Il n'avait pas répondu à sa dernière question. Il voulait s'octroyer le temps de la réflexion avant de s'essayer à une réponse.
Ils plongèrent à la suite de beaucoup d'autres passagers dans les entrailles de la capitale, vers d'autres rails, d'autres quais. Ligne quatre. La lumière blafarde des couloirs du métro donnait à tous ces voyageurs en transit un teint trop clair, maladif. On se prenait à rêver d'un blanc plus sable que carreau, un blanc qui ne serait là que pour border un bleu ciel ou un bleu mer.
Le bruit caractéristique d'une rame surgissant de son terrier se fit entendre par-delà les dernières marches d'un ultime escalier. A imaginer tout ce bleu, on aurait aimé qu'il s'agisse d'une autre sorte de rame. Quelques personnes accélérèrent le pas, espérant en être. Les autres misèrent sur la prochaine.
Personne ne remarqua les skis. Chacun n'était le voisin de l'autre que pour quelques secondes seulement et l'on ne souhaitait pas gaspiller ne serait-ce qu'une once d'intérêt pour un si éphémère voisinage.
Une nouvelle rame arriva sur les roues de la précédente. Ceux qui descendirent et ceux qui montèrent ne semblaient pas appartenir au même monde. A peine les portes s'étaient refermées qu'un accord de guitare retentit. Une voix suivit, accrochant les paroles de la chanson de Jacques Brel, « Ne me quitte pas ». Julie soupçonna Ronan d'avoir placé lui-même ce texte dans le répertoire du chanteur. A la fin de la chanson, en le voyant présenter son chapeau à l'assemblée captive, Ronan glissa une main dans sa poche. Il froissa du bout des doigts ce qui devait être un billet, de la même portée sans doute que celui laissé au livreur de pizza. Mais, de pièces, aucune.
« Je ne vais tout de même pas lui laisser le prix d'une compilation pour une seule chanson ! » pensa-t-il.
L'homme passa devant lui. Ronan ne se défit d'aucun geste.
« Je lui donnerai sa chance dans un prochain livre, c'est promis ! »

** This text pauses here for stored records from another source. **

(* Case analysis on the eigenvalues l, l^-1: parabolic, elliptic or loxodromic. *)
Lemma escape_SL2 A : \det A = 1 -> A != 1 -> A != - 1 ->
  exists k, 1/4 <= dist_pm (A ^+ k) 1.
Proof.
move=> hd hA1 hA2.
have [ht2|ht2] := eqVneq (\tr A) 2; first exact: escape_parabolic.
have [htm2|htm2] := eqVneq (\tr A) (- 2).
  have hdN : \det (- A) = 1 by rewrite -scaleN1r detZ expr2 mulrNN !mul1r.
  have htN : \tr (- A) = 2 by rewrite mxtrace2 !oppmxE -opprD -mxtrace2 htm2 opprK.
  have hAN : - A != 1 by rewrite eqr_oppLR.
  have [k hk] := escape_parabolic hdN htN hAN.
  by exists k; case: (oppr_expr_pm A k) hk => ->; rewrite ?dist_pmNl.
set t := \tr A in ht2 htm2 *.
set l := (t + sqrtC (t ^+ 2 - 4)) / 2.
have l_root : l ^+ 2 - t * l + 1 = 0.
  have -> : l ^+ 2 - t * l + 1 = (sqrtC (t ^+ 2 - 4) ^+ 2 - t ^+ 2 + 4) / 4 by rewrite /l; field.
  by rewrite sqrtCK; ring.
have l0 : l != 0.
  by apply/eqP => e; move: l_root; rewrite e expr0n /= mulr0 subrr add0r => /eqP; rewrite oner_eq0.
have hlt : l + l^-1 = t.
  apply: (mulIf l0); rewrite mulrDl mulVf // -expr2.
  by move/eqP: l_root; rewrite addrAC subr_eq0 => /eqP ->.
have l2 : l ^+ 2 != 1.
  apply/eqP => e; have linv : l^-1 = l by apply: (mulIf l0); rewrite mulVf // -expr2 e.
  have : (t - 2) * (t + 2) = 0.
    rewrite -hlt linv (_ : (l + l - 2) * (l + l + 2) = 4 * (l ^+ 2 - 1)); last by ring.
    by rewrite e subrr mulr0.
  by move/eqP; rewrite mulf_eq0 subr_eq0 addr_eq0 (negbTE ht2) (negbTE htm2).
have [l_lt1|l_gt1|l_eq1] := ltgtP (cabs l) 1.
- apply: (@escape_loxodromic A l^-1) => //; rewrite ?invr_eq0 ?invrK 1?addrC //.
  by rewrite cabsV invf_gt1 // cabs_gt0.
- exact: (@escape_loxodromic A l).
- exact: (@escape_elliptic A l).
Qed.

Saint-Sulpice. Avant-dernière station. 12 h 20. Ils auraient largement le temps. A Montparnasse Bienvenue, tout ce que le wagon comptait encore de sacs et de valises descendit. Il y avait gros à parier qu’une bonne partie de ceux-là se retrouverait dans le même train. Un tapis roulant les cueillit presque en bas du métro. Ils n'avaient même plus besoin de marcher maintenant ; on prenait leurs pas en main. On était là pour les mettre sur leurs rails et pour qu'ils ne se posent pas de question. S'il avait conservé un reste d'amour-propre, Ronan aurait arrêté le tapis au milieu de la page, les gens auraient repris leurs sacs et seraient allés au bout de la ligne à pied.

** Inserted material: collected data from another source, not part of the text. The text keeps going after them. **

(* In the fuzzy setting described in the context, let $(A,B,R)$ be a fuzzy context and $(g,f)\in\mathcal{F}_N$. Then $g^{\uparrow_\pi}(a)\preceq_1 g^{\uparrow_N}(a)$ for all $a\in A$.
   Context: An adjoint triple with respect to posets $(P_1,\le_1),(P_2,\le_2),(P_3,\le_3)$ is a triple of maps $\&\colon P_1\times P_2\to P_3$, $\swarrow\colon P_3\times P_2\to P_1$, $\nwarrow\colon P_3\times P_1\to P_2$ with $x\le_1 z\swarrow y \iff x\& y\le_3 z\iff y\le_2 z\nwarrow x$. Fix complete lattices $(L_1,\preceq_1)$, $(L_2,\preceq_2)$, a bounded poset $(P,\le)$, an adjoint triple $(\&_1,\swarrow^1,\nwarrow_1)$ with respect to $L_1,P,L_2$ and an adjoint triple $(\&_2,\swarrow^2,\nwarrow_2)$ with respect to $P,L_2,L_1$. A fuzzy context is $(A,B,R)$ with nonempty sets $A,B$ and $R\colon A\times B\to P$. For $g\in L_2^B$, $f\in L_1^A$ define $g^{\uparrow_N}(a)=\inf\{g(b)\swarrow^1 R(a,b)\mid b\in B\}$, $f^{\downarrow^N}(b)=\inf\{f(a)\nwarrow_2 R(a,b)\mid a\in A\}$ and $g^{\uparrow_\pi}(a)=\sup\{R(a,b)\&_2 g(b)\mid b\in B\}$. $\mathcal{F}_N=\{(g,f)\mid g\in L_2^B, f\in L_1^A, g^{\uparrow_N}=f, f^{\downarrow^N}=g\}$. *)

Set Implicit Arguments.

Record poset := Poset {
  pcar :> Type;
  ple : pcar -> pcar -> Prop;
  ple_refl : forall x, ple x x;
  ple_antisym : forall x y, ple x y -> ple y x -> x = y;
  ple_trans : forall x y z, ple x y -> ple y z -> ple x z
}.
Arguments ple {p} _ _.

Record bounded_poset := BoundedPoset {
  bp_poset :> poset;
  pbot : bp_poset;
  ptop : bp_poset;
  pbot_min : forall x, ple pbot x;
  ptop_max : forall x, ple x ptop
}.

Record complete_lattice := CompleteLattice {
  cl_poset :> poset;
  csup : (cl_poset -> Prop) -> cl_poset;
  cinf : (cl_poset -> Prop) -> cl_poset;
  csup_ub : forall (S : cl_poset -> Prop) x, S x -> ple x (csup S);
  csup_least : forall (S : cl_poset -> Prop) y,
      (forall x, S x -> ple x y) -> ple (csup S) y;
  cinf_lb : forall (S : cl_poset -> Prop) x, S x -> ple (cinf S) x;
  cinf_greatest : forall (S : cl_poset -> Prop) y,
      (forall x, S x -> ple y x) -> ple y (cinf S)
}.

Arguments csup {c} S.
Arguments cinf {c} S.

Definition adjoint_triple (P1 P2 P3 : poset)
  (conj : P1 -> P2 -> P3) (sw : P3 -> P2 -> P1) (nw : P3 -> P1 -> P2) : Prop :=
  forall (x : P1) (y : P2) (z : P3),
    (ple x (sw z y) <-> ple (conj x y) z) /\
    (ple (conj x y) z <-> ple y (nw z x)).

Section Derivations.
Variables (L1 L2 : complete_lattice) (P : bounded_poset).
Variables (A B : Type) (R : A -> B -> P).

Definition upN (sw1 : L2 -> P -> L1) (g : B -> L2) : A -> L1 :=
  fun a => cinf (fun x : L1 => exists b, x = sw1 (g b) (R a b)).

Definition downN (nw2 : L1 -> P -> L2) (f : A -> L1) : B -> L2 :=
  fun b => cinf (fun y : L2 => exists a, y = nw2 (f a) (R a b)).

Definition upPi (conj2 : P -> L2 -> L1) (g : B -> L2) : A -> L1 :=
  fun a => csup (fun x : L1 => exists b, x = conj2 (R a b) (g b)).

Definition in_FN (sw1 : L2 -> P -> L1) (nw2 : L1 -> P -> L2)
  (g : B -> L2) (f : A -> L1) : Prop :=
  upN sw1 g = f /\ downN nw2 f = g.
End Derivations.


(* If g = f^{down^N} then each R(a,b) &_2 g(b) lies below f(a) by adjointness,
   hence so does their supremum g^{up_pi}(a); and f(a) = g^{up_N}(a). *)

Section Derivations.
Variables (L1 L2 : complete_lattice) (P : bounded_poset).
Variables (conj2 : P -> L2 -> L1) (sw2 : L1 -> L2 -> P) (nw2 : L1 -> P -> L2).
Hypothesis adj2 : adjoint_triple (P : poset) (L2 : poset) (L1 : poset) conj2 sw2 nw2.
Variables (A B : Type) (R : A -> B -> P).

Lemma downN_le_nw (f : A -> L1) (a : A) (b : B) :
  ple (downN L1 L2 P R nw2 f b) (nw2 (f a) (R a b)).
Proof. apply cinf_lb. exists a. reflexivity. Qed.

Lemma conj_downN_le (f : A -> L1) (a : A) (b : B) :
  ple (conj2 (R a b) (downN L1 L2 P R nw2 f b)) (f a).
Proof. apply (proj2 (proj2 (adj2 _ _ _))). apply downN_le_nw. Qed.

Lemma upPi_downN_le (f : A -> L1) (a : A) :
  ple (upPi L1 L2 P R conj2 (downN L1 L2 P R nw2 f) a) (f a).
Proof. apply csup_least. intros x [b ->]. apply conj_downN_le. Qed.

End Derivations.

Theorem mainTheorem10
  (L1 L2 : complete_lattice) (P : bounded_poset)
  (conj1 : L1 -> P -> L2) (sw1 : L2 -> P -> L1) (nw1 : L2 -> L1 -> P)
  (conj2 : P -> L2 -> L1) (sw2 : L1 -> L2 -> P) (nw2 : L1 -> P -> L2)
  (adj1 : adjoint_triple (L1 : poset) (P : poset) (L2 : poset) conj1 sw1 nw1)
  (adj2 : adjoint_triple (P : poset) (L2 : poset) (L1 : poset) conj2 sw2 nw2)
  (A B : Type) (neA : inhabited A) (neB : inhabited B) (R : A -> B -> P)
  (g : B -> L2) (f : A -> L1)
  (hgf : in_FN L1 L2 P R sw1 nw2 g f) :
  forall a : A, ple (upPi L1 L2 P R conj2 g a) (upN L1 L2 P R sw1 g a).
Proof.
  intros a. destruct hgf as [upN_g downN_f].
  rewrite upN_g, <- downN_f.
  apply upPi_downN_le with (sw2 := sw2); exact adj2.
Qed.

Il dut s'y reprendre à deux fois pour faire passer les skis sous le portique marquant la fin de la zone de validité des tickets de métro. Certes, ces portiques ne devaient pas voir passer beaucoup de ces encombrants bagages, au contraire de leurs collègues de la gare de Lyon.
Ils s'arrêtèrent enfin sur le quai, face aux trains en partance pour le Grand Ouest. Ils étaient allés jusque-là, ils ne rebrousseraient pas chemin maintenant.